Direkt zu Anfang kann zumindest ich mir das Grinsen nicht verkneifen: Kennt hier noch jemand Alien Ant Farm, die 2001 mit ihrer zugegebenermaßen etwas gewöhnungsbedürftigen Coverversion von Michael Jacksons „Smooth Criminal“ die Charts stürmten? Das Anfangsriff des Mouga-Openers „Placebo Silence“ erinnert extrem an den AAF-Song „Movies“. Startet mal den Vergleich, es lohnt sich. Der polnische Vierer geht hier zumindest direkt an die Decke, der Song macht es sich in der Metalcore-Ecke gemütlich, versprüht aber gleichzeitig einen leicht progressiven Touch und eine absolut mitreißende Dynamik, die an die älteren Stücke von Silverstein erinnert.

Alle, die mit der Stimme von Scars On Broadway-Sänger und System Of A Down-Maniac Damon Malakian nichts anfangen können, können sich a) das Weiterlesen sparen und brauchen b) die Band überhaupt nicht erst anzuchecken, denn Konyu klingt stellenweise verblüffend nach dem Armenier. Wie auch bei Malakian, wird seine Stimme in den höheren Nuancen ein wenig anstrengend, entbehrt aber nicht eines gewissen Funkens Wahnsinn, der die Songs erst richtig spannend macht.

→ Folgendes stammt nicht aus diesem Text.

(* Let $\mathbf{O}\,\dot\cup\,\mathbf{S}$ be a finite set of categorical variables, $\mathcal{G}$ a DAG over $\mathbf{O}\cup\mathbf{S}$, $\hat{\mathbf{s}}$ a fixed value of $\mathbf{S}$, and $\mathcal{G}'$ the subgraph of $\mathcal{G}$ obtained by removing all edges out of nodes in $\mathbf{S}$. Then $\mathbf{BN}(\mathcal{G}')[^{\mathbf{S}=\hat{\mathbf{s}}}=\mathbf{BN}(\mathcal{G})[^{\mathbf{S}=\hat{\mathbf{s}}}$.
   Context: $\mathbf{BN}(\mathcal{G})$ is the set of distributions $P$ over the nodes of DAG $\mathcal{G}$ satisfying the Markov condition: each variable is independent of its non-descendants that are not parents, given its parents (equivalently, $p(\mathbf{x})=\prod_X p(x\mid \mathrm{pa}_{\mathcal{G}}(X))$). For a model $\mathbf{M}$ over $\mathbf{O}\cup\mathbf{S}$, $\mathbf{M}[^{\mathbf{S}=\hat{\mathbf{s}}}$ (selection) is the set of distributions $Q$ over $\mathbf{O}$ such that there is $P\in\mathbf{M}$ with $p(\hat{\mathbf{s}})>0$ and $q(\mathbf{o})=p(\mathbf{o}\mid\hat{\mathbf{s}})$ for all $\mathbf{o}$. *)

From HB Require Import structures.
From mathcomp Require Import all_boot all_order all_algebra.
Set Implicit Arguments. Unset Strict Implicit. Unset Printing Implicit Defensive.
Import Order.TTheory GRing.Theory Num.Theory.
Local Open Scope ring_scope.

Definition assign (V : finType) (D : V -> finType) := {dffun forall v : V, D v}.

Definition is_dist (R : realFieldType) (V : finType) (D : V -> finType)
  (p : assign D -> R) : Prop :=
  (forall x, 0 <= p x) /\ \sum_(x : assign D) p x = 1.

(* A DAG over V: an edge relation e (u -> v iff e u v) without directed cycles. *)
Definition acyclic (V : finType) (e : rel V) : Prop :=
  forall x : V, ~~ [exists y, e x y && connect e y x].

Definition parents (V : finType) (e : rel V) (v : V) : {set V} := [set u | e u v].

Definition marg (R : realFieldType) (V : finType) (D : V -> finType)
  (p : assign D -> R) (A : {set V}) (x : assign D) : R :=
  \sum_(y : assign D | [forall u in A, y u == x u]) p y.

(* Conditional probability p(x_v | x_pa(v)) = p(x_v, x_pa) / p(x_pa)
   (MathComp convention: division by 0 gives 0). *)
Definition cond (R : realFieldType) (V : finType) (D : V -> finType)
  (e : rel V) (p : assign D -> R) (v : V) (x : assign D) : R :=
  marg p (v |: parents e v) x / marg p (parents e v) x.

Definition BN (R : realFieldType) (V : finType) (D : V -> finType) (e : rel V)
  (p : assign D -> R) : Prop :=
  is_dist p /\ forall x : assign D, p x = \prod_(v : V) cond e p v x.

(* Variables O ∪ S encoded as the disjoint sum O + S. *)
Section Sel.
Variables (O S : finType) (D : (O + S)%type -> finType).

Definition assignO := {dffun forall o : O, D (inl o)}.
Definition assignS := {dffun forall s : S, D (inr s)}.

Definition join (o : assignO) (s : assignS) : assign D :=
  [ffun v => match v as v0 return D v0 with inl a => o a | inr b => s b end].

Definition probS (R : realFieldType) (p : assign D -> R) (sh : assignS) : R :=
  \sum_(o : assignO) p (join o sh).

Im Gegensatz zum recht experimentellen Einstieg steuert „Who Killed The Phoenix?“ eher Richtung Emocore, beinhaltet aber auch einige deftige Shouts, die man dem Kerlchen so gar nicht zugetraut hätte. Die Kollegen Bazant und Dywan geben an der Saitenfraktion alles und auch Drummer Stepol macht an den Fellen keine Gefangenen und unterstützt mit sehr tightem Spiel. So muss sich eine Band anhören, so macht sogar das bloße Zuhören Spaß – wie die Jungs live loslegen müssen, kann man sich kaum vorstellen!

Mit „I Can Hold“ bieten die Vier eine astreine Emocore-Ballade, bevor mit „Mescaline“ wieder aus allen Rohren gefeuert wird. Zwar ist die Dynamik etwas konfus und der Gesang erinnert an AAF-Sänger Dryden Mitchell, aber Mouga überzeugen trotzdem durch ihren eigenen Charme. Zu meiner Überraschung klingt Konyu beim Dampfhammer-Song „Veins“ einen Moment lang wie Ittai von Blessed By A Ghost und ich frage mich, ob sich die Bands vielleicht untereinander kennen?! Zeit zum Nachdenken bleibt kaum, denn Mouga hauen dem Hörer mit „Animal“ die geballte Metalcore-Power um die Ohren, und klingen dabei fast wie ihre amerikanischen Brüder im Geiste.

Die Platte hört mit „Schackles & Feathers“ so auf, wie sie angefangen hat: Überraschend kraftvoll, individuell und vor allem mit absolut genialem Gesang. Mouga haben auf ihrem Debüt definitiv alles richtig gemacht und sorgen hoffentlich bald auf deutschen Bühnen für einen ebensolchen Wirbelsturm wie auf ihrem Album.